##### LISTED RECORDS #####

(* If $\rho\equiv\sum_{n=1}^N \frac{r_n}{C_n}\le 1$, then every packet $p^{g,j}$ of the aggregate flow has delay $d^{g,j}-a^{g,j}\le \sum_{n=1}^N\frac{\sigma_n}{C_n}$. Moreover, the bound is tight: there exist arrival patterns satisfying the constraints (e.g. each class $m$ releasing a burst of total size $\sigma_m$ at time $0$) for which some packet has delay exactly $\sum_n \sigma_n/C_n$.
   Context: A multiclass FIFO system serves packets from $N$ classes. Class $n$ has constant service rate $C_n>0$. All packets, indexed in order of arrival (ties broken arbitrarily) as $p^{g,1},p^{g,2},\dots$ with arrival times $0\le a^{g,1}\le a^{g,2}\le\cdots$ and lengths $l^{g,j}>0$, depart at $d^{g,j}=\max\{a^{g,j},d^{g,j-1}\}+l^{g,j}/C_{c(j)}$, $d^{g,0}=0$, where $c(j)$ is the class of $p^{g,j}$ (work-conserving FIFO, initially empty, infinite buffer). $A_n(s,t)$ is the total length of class-$n$ packets arriving in $[s,t]$. Each class satisfies the leaky-bucket constraint $A_n(s,t)\le r_n(t-s)+\sigma_n$ for all $0\le s\le t$, with constants $r_n,\sigma_n\ge 0$. *)

From Stdlib Require Import Reals Lra Lia.
Open Scope R_scope.

Fixpoint sumR (n : nat) (f : nat -> R) : R :=
  match n with
  | O => 0
  | S k => sumR k f + f k
  end.

(* Packets are indexed j = 1, 2, ...; classes are 0, ..., N-1.
   cls j = class of packet j, a j = arrival time, l j = length,
   C n = service rate of class n.
   dep j = departure time d^{g,j}, with d^{g,0} = 0. *)
Fixpoint dep (C : nat -> R) (cls : nat -> nat) (a l : nat -> R) (j : nat) : R :=
  match j with
  | O => 0
  | S k => Rmax (a (S k)) (dep C cls a l k) + l (S k) / C (cls (S k))
  end.

(* A_n(s,t) for a trace of K packets (indices 1..K): total length of
   class-n packets arriving in [s,t]. *)
Definition Arr (K : nat) (cls : nat -> nat) (a l : nat -> R) (n : nat) (s t : R) : R :=
  sumR K (fun i =>
    if Nat.eqb (cls (S i)) n then
      if Rle_dec s (a (S i)) then
        if Rle_dec (a (S i)) t then l (S i) else 0
      else 0
    else 0).

Definition valid_trace (N : nat) (r sigma : nat -> R)
    (K : nat) (cls : nat -> nat) (a l : nat -> R) : Prop :=
  (forall j, (1 <= j <= K)%nat -> (cls j < N)%nat /\ 0 < l j /\ 0 <= a j) /\
  (forall j, (1 <= j < K)%nat -> a j <= a (S j)) /\
  (forall n, (n < N)%nat -> forall s t, 0 <= s -> s <= t ->
      Arr K cls a l n s t <= r n * (t - s) + sigma n).

From Stdlib Require Import Reals Lra Lia.
Open Scope R_scope.

(* Fix a packet j and let i <= j be the first packet of the busy
   period containing j: the server is busy from a_i until d_j, so
   d_j = a_i + sum_{k=i..j} l_k / C_{c(k)}  (lemma [dep_busy_period]).
   Grouping that sum by class gives sum_n W_n / C_n, where W_n is the class-n
   work among packets i..j ([work_by_class]).  By FIFO order these packets all
   arrive in [a_i, a_j], so W_n <= A_n(a_i, a_j) <= r_n (a_j - a_i) + sigma_n
   ([class_work_le_arrivals], [class_work_le_envelope]).  Summing, using
   rho <= 1, yields d_j - a_j <= sum_n sigma_n / C_n ([fifo_delay_bound]).

   Every class n releases a burst of total size sigma_n at time 0
   ([burst_trace]); the last packet then departs at sum_n sigma_n / C_n
   ([dep_simultaneous]), which is exactly its delay ([fifo_delay_tight]). *)

Lemma sumR_ext (n : nat) (f g : nat -> R) :
  (forall k, (k < n)%nat -> f k = g k) -> sumR n f = sumR n g.
Proof.
  induction n as [|n IH]; intros H; simpl; [reflexivity|].
  rewrite IH, H by (intros; try apply H; lia). reflexivity.
Qed.

Lemma sumR_le (n : nat) (f g : nat -> R) :
  (forall k, (k < n)%nat -> f k <= g k) -> sumR n f <= sumR n g.
Proof.
  induction n as [|n IH]; intros H; simpl; [lra|].
  assert (f n <= g n) by (apply H; lia).
  assert (sumR n f <= sumR n g) by (apply IH; intros; apply H; lia).
  lra.
Qed.

Lemma sumR_zero (n : nat) (f : nat -> R) :
  (forall k, (k < n)%nat -> f k = 0) -> sumR n f = 0.
Proof.
  intros H. rewrite (sumR_ext n f (fun _ => 0)) by exact H.
  induction n as [|n IH]; simpl; [reflexivity|]. rewrite IH by (intros; apply H; lia). ring.
Qed.

Lemma sumR_plus (n : nat) (f g : nat -> R) :
  sumR n (fun k => f k + g k) = sumR n f + sumR n g.
Proof. induction n as [|n IH]; simpl; [ring|]. rewrite IH. ring. Qed.

Lemma sumR_scal (n : nat) (f : nat -> R) (c : R) :
  sumR n (fun k => f k * c) = sumR n f * c.
Proof. induction n as [|n IH]; simpl; [ring|]. rewrite IH. ring. Qed.

Lemma sumR_exchange (m n : nat) (F : nat -> nat -> R) :
  sumR m (fun k => sumR n (F k)) = sumR n (fun i => sumR m (fun k => F k i)).
Proof.
  induction m as [|m IH]; simpl.
  - symmetry. apply sumR_zero. reflexivity.
  - rewrite IH, <- sumR_plus. reflexivity.
Qed.

Lemma sumR_single (N c : nat) (x : nat -> R) : (c < N)%nat ->
  sumR N (fun n => if Nat.eqb c n then x n else 0) = x c.
Proof.
  induction N as [|N IH]; intros Hc; [lia|]. simpl.
  destruct (Nat.eqb_spec c N) as [->|Hne].
  - rewrite sumR_zero; [ring|]. intros k Hk. destruct (Nat.eqb_spec N k); [lia|reflexivity].
  - rewrite IH by lia. ring.
Qed.

Lemma sumR_extend (m n : nat) (g : nat -> R) :
  (m <= n)%nat -> (forall k, (m <= k < n)%nat -> 0 <= g k) -> sumR m g <= sumR n g.
Proof.
  intros Hmn Hg. induction n as [|n IH].
  - replace m with 0%nat by lia. lra.
  - destruct (Nat.eq_dec m (S n)) as [->|Hne]; [lra|]. simpl.
    assert (0 <= g n) by (apply Hg; lia).
    assert (sumR m g <= sumR n g) by (apply IH; [lia|intros; apply Hg; lia]).
    lra.
Qed.

Definition work (C : nat -> R) (cls : nat -> nat) (l : nat -> R) (i j : nat) : R :=
  sumR j (fun k => if Nat.leb i (S k) then l (S k) / C (cls (S k)) else 0).

Definition class_work (cls : nat -> nat) (l : nat -> R) (i j n : nat) : R :=
  sumR j (fun k =>
    if Nat.leb i (S k) then (if Nat.eqb (cls (S k)) n then l (S k) else 0) else 0).

(* Busy-period decomposition: packet j leaves at the arrival of the first
   packet i of its busy period plus the service demand of packets i..j. *)
Lemma dep_busy_period (C : nat -> R) (cls : nat -> nat) (a l : nat -> R) (j : nat) :
  (1 <= j)%nat -> 0 <= a 1%nat ->
  exists i, (1 <= i <= j)%nat /\ dep C cls a l j = a i + work C cls l i j.
Proof.
  intros Hj Ha1. induction j as [|j IH]; [lia|]. cbn [dep].
  destruct (Rle_dec (dep C cls a l j) (a (S j))) as [Hidle|Hbusy].
  - (* the server is idle when packet S j arrives: a new busy period starts *)
    exists (S j). split; [lia|]. rewrite Rmax_left by lra. unfold work. simpl.
    rewrite Nat.leb_refl, sumR_zero; [ring|].
    intros k Hk. destruct (Nat.leb_spec j k); [lia|reflexivity].
  - destruct j as [|j]; [simpl in Hbusy; lra|].
    destruct IH as [i [Hi Hd]]; [lia|].
    exists i. split; [lia|]. rewrite Rmax_right, Hd by lra. unfold work. simpl.
    destruct (Nat.leb_spec i (S (S j))); [ring|lia].
Qed.

Lemma work_by_class (N : nat) (C : nat -> R) (cls : nat -> nat) (l : nat -> R) (i j : nat) :
  (forall k, (1 <= k <= j)%nat -> (cls k < N)%nat) ->
  work C cls l i j = sumR N (fun n => class_work cls l i j n / C n).
Proof.
  intros Hcls. unfold work, class_work.
  transitivity (sumR j (fun k => sumR N (fun n =>
     (if Nat.leb i (S k) then (if Nat.eqb (cls (S k)) n then l (S k) else 0) else 0) / C n))).
  - apply sumR_ext; intros k Hk. destruct (Nat.leb i (S k)).
    + rewrite <- (sumR_single N (cls (S k)) (fun n => l (S k) / C n)) by (apply Hcls; lia).
      apply sumR_ext; intros n _. destruct (Nat.eqb (cls (S k)) n); unfold Rdiv; ring.
    + symmetry. apply sumR_zero. intros; unfold Rdiv; ring.
  - rewrite sumR_exchange. apply sumR_ext; intros n _. unfold Rdiv. apply sumR_scal.
Qed.

Lemma class_work_le_arrivals (K : nat) (cls : nat -> nat) (a l : nat -> R) (i j n : nat) :
  (j <= K)%nat ->
  (forall k, (1 <= k <= K)%nat -> 0 <= l k) ->
  (forall k, (i <= k <= j)%nat -> a i <= a k <= a j) ->
  class_work cls l i j n <= Arr K cls a l n (a i) (a j).
Proof.
  intros HjK Hl Hwin. unfold class_work, Arr.
  set (arrived := fun k => if Nat.eqb (cls (S k)) n then
      if Rle_dec (a i) (a (S k)) then if Rle_dec (a (S k)) (a j) then l (S k) else 0
      else 0 else 0).
  assert (Harr : forall k, (k < K)%nat -> 0 <= arrived k).
  { intros k Hk. assert (0 <= l (S k)) by (apply Hl; lia). unfold arrived.
    destruct (Nat.eqb (cls (S k)) n), (Rle_dec (a i) (a (S k)));
      try destruct (Rle_dec (a (S k)) (a j)); lra. }
  apply Rle_trans with (sumR j arrived).
  - apply sumR_le; intros k Hk.
    destruct (Nat.leb_spec i (S k)) as [Hik|Hik]; [|apply Harr; lia].
    destruct (Hwin (S k)) as [Hlo Hhi]; [lia|]. unfold arrived.
    destruct (Nat.eqb (cls (S k)) n), (Rle_dec (a i) (a (S k)));
      try destruct (Rle_dec (a (S k)) (a j)); lra.
  - apply sumR_extend; [exact HjK|]. intros k Hk. apply Harr; lia.
Qed.

Lemma arrivals_monotone (K : nat) (a : nat -> R) :
  (forall j, (1 <= j < K)%nat -> a j <= a (S j)) ->
  forall i j, (1 <= i)%nat -> (i <= j <= K)%nat -> a i <= a j.
Proof.
  intros Hmono i j Hi. induction j as [|j IH]; intros Hij; [lia|].
  destruct (Nat.eq_dec i (S j)) as [->|Hne]; [lra|].
  assert (a i <= a j) by (apply IH; lia).
  assert (a j <= a (S j)) by (apply Hmono; lia).
  lra.
Qed.

Lemma class_work_le_envelope (N : nat) (r sigma : nat -> R)
    (K : nat) (cls : nat -> nat) (a l : nat -> R) (i j n : nat) :
  valid_trace N r sigma K cls a l -> (1 <= i <= j)%nat -> (j <= K)%nat -> (n < N)%nat ->
  class_work cls l i j n <= r n * (a j - a i) + sigma n.
Proof.
  intros [Hpk [Hmono Hbucket]] Hij HjK Hn.
  assert (Hwin : forall k, (i <= k <= j)%nat -> a i <= a k <= a j).
  { intros k Hk. split; apply (arrivals_monotone K a Hmono); lia. }
  eapply Rle_trans.
  - apply (class_work_le_arrivals K); [exact HjK| |exact Hwin].
    intros k Hk. left. apply Hpk, Hk.
  - apply Hbucket; [exact Hn| apply Hpk; lia| apply Hwin; lia].
Qed.

Lemma fifo_delay_bound (N : nat) (C r sigma : nat -> R)
  (HC : forall n, (n < N)%nat -> 0 < C n)
  (Hrho : sumR N (fun n => r n / C n) <= 1)
  (K : nat) (cls : nat -> nat) (a l : nat -> R) :
  valid_trace N r sigma K cls a l ->
  forall j, (1 <= j <= K)%nat ->
    dep C cls a l j - a j <= sumR N (fun n => sigma n / C n).
Proof.
  intros Hvalid j Hj. pose proof Hvalid as [Hpk [Hmono _]].
  destruct (dep_busy_period C cls a l j) as [i [Hi Hdep]]; [lia|apply Hpk; lia|].
  set (gap := a j - a i).
  assert (Hgap : 0 <= gap) by (apply Rge_le, Rge_minus, Rle_ge, (arrivals_monotone K a Hmono); lia).
  assert (Hwork : work C cls l i j <= sumR N (fun n => r n / C n) * gap
                                      + sumR N (fun n => sigma n / C n)).
  { rewrite (work_by_class N) by (intros k Hk; apply Hpk; lia).
    rewrite <- sumR_scal, <- sumR_plus. apply sumR_le; intros n Hn.
    replace (r n / C n * gap + sigma n / C n) with ((r n * gap + sigma n) / C n)
      by (unfold Rdiv; ring).
    apply Rmult_le_compat_r; [left; apply Rinv_0_lt_compat, HC, Hn|].
    apply (class_work_le_envelope N r sigma K cls a l); auto; lia. }
  assert (sumR N (fun n => r n / C n) * gap <= gap)
    by (rewrite <- (Rmult_1_l gap) at 2; apply Rmult_le_compat_r; assumption).
  unfold gap in *. lra.
Qed.

Lemma dep_simultaneous (C : nat -> R) (cls : nat -> nat) (l : nat -> R) (j : nat) :
  (forall k, (1 <= k <= j)%nat -> 0 <= l k / C (cls k)) ->
  dep C cls (fun _ => 0) l j = work C cls l 1 j.
Proof.
  induction j as [|j IH]; intros Hl; [reflexivity|]. cbn [dep].
  rewrite IH by (intros; apply Hl; lia). unfold work. simpl.
  assert (0 <= sumR j (fun k => l (S k) / C (cls (S k)))).
  { rewrite <- (sumR_zero j (fun _ => 0)) by reflexivity.
    apply sumR_le; intros k Hk. apply Hl; lia. }
  rewrite Rmax_right by lra. reflexivity.
Qed.

(* Burst trace: packets of positive length, classes below M, whose class-n
   total is sigma_n for every n < M (classes with sigma_n = 0 send nothing). *)
Lemma burst_trace (sigma : nat -> R) (M : nat) :
  (forall n, (n < M)%nat -> 0 <= sigma n) ->
  exists K cls l,
    (forall j, (1 <= j <= K)%nat -> (cls j < M)%nat /\ 0 < l j) /\
    (forall n, (n < M)%nat -> class_work cls l 1 K n = sigma n).
Proof.
  induction M as [|M IH]; intros Hs.
  - exists 0%nat, (fun _ => 0%nat), (fun _ => 1). split; intros; lia.
  - destruct IH as [K [cls [l [Hpk Htot]]]]; [intros n Hn; apply Hs; lia|].
    assert (HnoM : class_work cls l 1 K M = 0).
    { apply sumR_zero. intros k Hk. destruct (Hpk (S k)) as [Hc _]; [lia|]. simpl.
      destruct (Nat.eqb_spec (cls (S k)) M); [lia|reflexivity]. }
    destruct (Rlt_dec 0 (sigma M)) as [Hpos|Hzero].
    +
      exists (S K), (fun j => if Nat.eqb j (S K) then M else cls j),
        (fun j => if Nat.eqb j (S K) then sigma M else l j).
      split.
      * intros j Hj. destruct (Nat.eqb_spec j (S K)); [split; [lia|exact Hpos]|].
        destruct (Hpk j) as [Hc Hl]; [lia|]. split; [lia|exact Hl].
      * intros n Hn. unfold class_work in *. simpl. rewrite Nat.eqb_refl.
        rewrite (sumR_ext K _ (fun k => if Nat.eqb (cls (S k)) n then l (S k) else 0)).
        2:{ intros k Hk. destruct (Nat.eqb_spec k K); [lia|reflexivity]. }
        destruct (Nat.eqb_spec M n) as [<-|Hne].
        -- simpl in HnoM. rewrite HnoM. ring.
        -- simpl in Htot. rewrite Htot by lia. ring.
    + exists K, cls, l. split.
      * intros j Hj. destruct (Hpk j) as [Hc Hl]; [exact Hj|]. split; [lia|exact Hl].
      * intros n Hn. destruct (Nat.eq_dec n M) as [->|Hne]; [|apply Htot; lia].
        assert (0 <= sigma M) by (apply Hs; lia). lra.
Qed.

Lemma arrivals_le_total (K : nat) (cls : nat -> nat) (a l : nat -> R) (n : nat) (s t : R) :
  (forall k, (1 <= k <= K)%nat -> 0 <= l k) ->
  Arr K cls a l n s t <= class_work cls l 1 K n.
Proof.
  intros Hl. apply sumR_le; intros k Hk. assert (0 <= l (S k)) by (apply Hl; lia). simpl.
  destruct (Nat.eqb (cls (S k)) n), (Rle_dec s (a (S k)));
    try destruct (Rle_dec (a (S k)) t); lra.
Qed.

Lemma fifo_delay_tight (N : nat) (C r sigma : nat -> R)
  (HC : forall n, (n < N)%nat -> 0 < C n)
  (Hr : forall n, (n < N)%nat -> 0 <= r n)
  (Hs : forall n, (n < N)%nat -> 0 <= sigma n)
  (m : nat) (Hm : (m < N)%nat) (Hsm : 0 < sigma m) :
  exists (K : nat) (cls : nat -> nat) (a l : nat -> R),
    valid_trace N r sigma K cls a l /\
    exists j, (1 <= j <= K)%nat /\
      dep C cls a l j - a j = sumR N (fun n => sigma n / C n).
Proof.
  destruct (burst_trace sigma N Hs) as [K [cls [l [Hpk Htot]]]].
  exists K, cls, (fun _ => 0), l. split; [split; [|split]|].
  - intros j Hj. destruct (Hpk j Hj). repeat split; auto; lra.
  - intros; lra.
  - intros n Hn s t _ Hst. eapply Rle_trans.
    + apply arrivals_le_total. intros k Hk. left. apply Hpk, Hk.
    + rewrite Htot by exact Hn.
      assert (0 <= r n * (t - s)) by (apply Rmult_le_pos; [apply Hr, Hn|lra]). lra.
  - destruct K as [|K].
    + specialize (Htot m Hm). unfold class_work in Htot; simpl in Htot. lra.
    + exists (S K). split; [lia|].
      rewrite dep_simultaneous, (work_by_class N), Rminus_0_r.
      * apply sumR_ext; intros n Hn. rewrite Htot by exact Hn. reflexivity.
      * intros k Hk. apply Hpk, Hk.
      * intros k Hk. destruct (Hpk k Hk) as [Hc Hl].
        unfold Rdiv. apply Rmult_le_pos; [lra|]. left. apply Rinv_0_lt_compat, HC, Hc.
Qed.

Theorem theorem1 (N : nat) (C r sigma : nat -> R)
  (HC : forall n, (n < N)%nat -> 0 < C n)
  (Hr : forall n, (n < N)%nat -> 0 <= r n)
  (Hs : forall n, (n < N)%nat -> 0 <= sigma n)
  (Hrho : sumR N (fun n => r n / C n) <= 1) :
  (forall (K : nat) (cls : nat -> nat) (a l : nat -> R),
      valid_trace N r sigma K cls a l ->
      forall j, (1 <= j <= K)%nat ->
        dep C cls a l j - a j <= sumR N (fun n => sigma n / C n)) /\
  ((exists m, (m < N)%nat /\ 0 < sigma m) ->
   exists (K : nat) (cls : nat -> nat) (a l : nat -> R),
      valid_trace N r sigma K cls a l /\
      exists j, (1 <= j <= K)%nat /\
        dep C cls a l j - a j = sumR N (fun n => sigma n / C n)).
Proof.
  split.
  - intros K cls a l. apply fifo_delay_bound; assumption.
  - intros [m [Hm Hsm]]. exact (fifo_delay_tight N C r sigma HC Hr Hs m Hm Hsm).
Qed.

#####

What are the lines above, starting at the one with "set (arrived := fun" and ending at the one with "intros Hmono i"? Give them again exactly, and only them.

ANSWER SECTION ▸
  set (arrived := fun k => if Nat.eqb (cls (S k)) n then
      if Rle_dec (a i) (a (S k)) then if Rle_dec (a (S k)) (a j) then l (S k) else 0
      else 0 else 0).
  assert (Harr : forall k, (k < K)%nat -> 0 <= arrived k).
  { intros k Hk. assert (0 <= l (S k)) by (apply Hl; lia). unfold arrived.
    destruct (Nat.eqb (cls (S k)) n), (Rle_dec (a i) (a (S k)));
      try destruct (Rle_dec (a (S k)) (a j)); lra. }
  apply Rle_trans with (sumR j arrived).
  - apply sumR_le; intros k Hk.
    destruct (Nat.leb_spec i (S k)) as [Hik|Hik]; [|apply Harr; lia].
    destruct (Hwin (S k)) as [Hlo Hhi]; [lia|]. unfold arrived.
    destruct (Nat.eqb (cls (S k)) n), (Rle_dec (a i) (a (S k)));
      try destruct (Rle_dec (a (S k)) (a j)); lra.
  - apply sumR_extend; [exact HjK|]. intros k Hk. apply Harr; lia.
Qed.

Lemma arrivals_monotone (K : nat) (a : nat -> R) :
  (forall j, (1 <= j < K)%nat -> a j <= a (S j)) ->
  forall i j, (1 <= i)%nat -> (i <= j <= K)%nat -> a i <= a j.
Proof.
  intros Hmono i j Hi. induction j as [|j IH]; intros Hij; [lia|].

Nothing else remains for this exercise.